### What the task asks
Would you please copy every line below that includes the string "lowers"?

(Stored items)
• • • • •

(* For all positive integers $m,n,t,a$ with $m+n=t$, we have $\mathcal{F}(a,t)<\mathcal{F}(a,m,n)$.
   Context: $\mathcal{F}$ is defined on finite tuples of positive integers recursively: $\mathcal{F}(a)=1$ for every positive integer $a$; for $s\ge2$, $\mathcal{F}(a_1,\dots,a_s)=\sum_{i=1}^s\mathcal{F}(a_1,\dots,a_{i-1},a_i-1,a_{i+1},\dots,a_s)$, where a tuple with a zero entry is reduced by: $\mathcal{F}(0,a_2,\dots,a_t)=\mathcal{F}(a_2,\dots,a_t)$, $\mathcal{F}(a_1,\dots,a_t,0)=\mathcal{F}(a_1,\dots,a_t)$, and $\mathcal{F}(a_1,\dots,a_r,0,a_{r+2},\dots,a_s)=\mathcal{F}(a_1,\dots,a_{r-1},a_r+a_{r+2},a_{r+3},\dots,a_s)$. *)

From mathcomp Require Import all_boot.
Set Implicit Arguments. Unset Strict Implicit. Unset Printing Implicit Defensive.

(* [reduce0 pre post]: the reduction of the tuple pre ++ [0] ++ post,
   following the paper's rules:
   F(0,a_2,..,a_t) = F(a_2,..,a_t); F(a_1,..,a_t,0) = F(a_1,..,a_t);
   F(a_1,..,a_r,0,a_{r+2},..,a_s) = F(a_1,..,a_{r-1},a_r+a_{r+2},a_{r+3},..,a_s). *)
Definition reduce0 (pre post : seq nat) : seq nat :=
  match pre, post with
  | [::], _ => post
  | _, [::] => pre
  | x :: pre', y :: post' => belast x pre' ++ (last x pre' + y) :: post'
  end.

Definition dec_at (i : nat) (l : seq nat) : seq nat :=
  let pre := take i l in
  let x := nth 0 l i in
  let post := drop i.+1 l in
  if x.-1 == 0 then reduce0 pre post else pre ++ x.-1 :: post.

Fixpoint Ffuel (k : nat) (l : seq nat) : nat :=
  match k with
  | 0 => 0
  | k'.+1 =>
      match l with
      | [:: _] => 1
      | _ => \sum_(0 <= i < size l) Ffuel k' (dec_at i l)
      end
  end.

(* F(a_1,...,a_s), for positive entries: every recursive step lowers the
   entry sum by exactly one, so fuel = sum of the entries suffices. *)
Definition F (l : seq nat) : nat := Ffuel (sumn l) l.

(* Every step of the recursion lowers the entry sum by one, so on tuples of
   positive integers the fuel never runs out and F obeys its defining
   recurrence.  For pairs the recurrence is Pascal's rule, whence
   F(a,b) = C(a+b,a).  For triples, F(a,m,n) = F(a-1,m,n) + F(a,m-1,n) +
   F(a,m,n-1) dominates Pascal's rule C(a+m+n,a) = C(a+m+n-1,a-1) +
   C(a+m+n-1,a) term by term (the boundary reductions F(m,n) >= 1 and
   F(a,m) = C(a+m,a) included), and the middle term is positive; so by
   induction on a+m+n, F(a,m,n) > C(a+m+n,a) = F(a,m+n). *)

From mathcomp Require Import all_boot zify.

Lemma sumn_reduce0 pre post : sumn (reduce0 pre post) = sumn pre + sumn post.
Proof.
case: pre post => [|x pre] [|y post] //=; first by rewrite addn0.
have sumn_last : sumn (belast x pre) + last x pre = x + sumn pre.
  by rewrite -sumn_rcons -lastI.
by rewrite sumn_cat /=; lia.
Qed.

Lemma sumn_dec_at i l : i < size l -> 0 < nth 0 l i ->
  sumn (dec_at i l) = (sumn l).-1.
Proof.
move=> lt_i_l nth_gt0.
have sumnE : sumn l = sumn (take i l) + nth 0 l i + sumn (drop i.+1 l).
  by rewrite -{1}(cat_take_drop i l) (drop_nth 0 lt_i_l) sumn_cat /= addnA.
rewrite /dec_at sumnE; case: eqP => [x0|_].
  by rewrite sumn_reduce0; lia.
by rewrite sumn_cat /=; lia.
Qed.

Lemma F_rec l : 0 \notin l -> 1 < size l ->
  F l = \sum_(0 <= i < size l) F (dec_at i l).
Proof.
move=> l_pos size_l.
have [k sumn_l] : exists k, sumn l = k.+1.
  case: l l_pos size_l => [|x l] //=; rewrite inE negb_or => /andP[x_pos _] _.
  by exists (x.-1 + sumn l); lia.
rewrite /F sumn_l /=.
case: l l_pos size_l sumn_l => [|x [|y l]] // l_pos _ sumn_l.
apply: eq_big_nat => i /andP[_ lt_i_l].
rewrite sumn_dec_at // ?sumn_l //.
by rewrite lt0n; apply: contraNneq l_pos => <-; exact: mem_nth.
Qed.

Lemma F_pair_rec a b : F [:: a.+1; b.+1] =
  (if a is a'.+1 then F [:: a; b.+1] else 1) +
  (if b is b'.+1 then F [:: a.+1; b] else 1).
Proof. by rewrite F_rec // !big_nat_recl // big_geq // addn0; case: a; case: b. Qed.

Lemma F_triple_rec a m n : F [:: a.+1; m.+1; n.+1] =
  (if a is a'.+1 then F [:: a; m.+1; n.+1] else F [:: m.+1; n.+1]) +
  (if m is m'.+1 then F [:: a.+1; m; n.+1] else F [:: a.+1 + n.+1]) +
  (if n is n'.+1 then F [:: a.+1; m.+1; n] else F [:: a.+1; m.+1]).
Proof.
by rewrite F_rec // !big_nat_recl // big_geq // addn0 addnA; case: a; case: m; case: n.
Qed.

Lemma F_pair a b : F [:: a.+1; b.+1] = 'C(a.+1 + b.+1, a.+1).
Proof.
elim: a b => [|a IHa]; elim=> [|b IHb]; rewrite F_pair_rec //.
- by rewrite IHb !bin1.
- by rewrite IHa !addn1 !binSn.
- by rewrite IHa IHb [a.+2 + b.+1]addSnnS [a.+2 + _]addSn binS addnC.
Qed.

Lemma binom_lt_F_triple a m n :
  'C(a.+1 + m.+1 + n.+1, a.+1) < F [:: a.+1; m.+1; n.+1].
Proof.
have [s] := ubnP (a + m + n); elim: s a m n => // s IH a m n lt_amn_s.
have {lt_amn_s}IH a' m' n' : a' + m' + n' < a + m + n ->
    'C(a'.+1 + m'.+1 + n'.+1, a'.+1) < F [:: a'.+1; m'.+1; n'.+1].
  by move=> lt_amn; apply: IH; lia.
have -> : a.+1 + m.+1 + n.+1 = (a + m.+1 + n.+1).+1 by rewrite !addSn.
rewrite F_triple_rec binS addnC -addnS -[leqRHS]addnA; apply: leq_add.
- case: a => [|a] in IH *; first by rewrite bin0 F_pair bin_gt0 leq_addr.
  by apply/ltnW; apply: IH; lia.
- rewrite -add1n; apply: leq_add.
  + case: m => [|m] in IH *; first by rewrite addSn.
    by apply: leq_ltn_trans (IH a m n _); lia.
  + case: n => [|n] in IH *; first by rewrite F_pair addn1 addSn.
    have -> : a + m.+1 + n.+2 = a.+1 + m.+1 + n.+1 by rewrite !addSn !addnS.
    by apply/ltnW; apply: IH; lia.
Qed.

Theorem proposition4 (m n t a : nat) :
  0 < m -> 0 < n -> 0 < t -> 0 < a -> m + n = t ->
  F [:: a; t] < F [:: a; m; n].
Proof.
case: m n t a => [|m] [|n] [|t] [|a] // _ _ _ _ sum_mn.
by rewrite F_pair -sum_mn addnA binom_lt_F_triple.
Qed.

• • • • •

### Problem solution
(* F(a_1,...,a_s), for positive entries: every recursive step lowers the
(* Every step of the recursion lowers the entry sum by one, so on tuples of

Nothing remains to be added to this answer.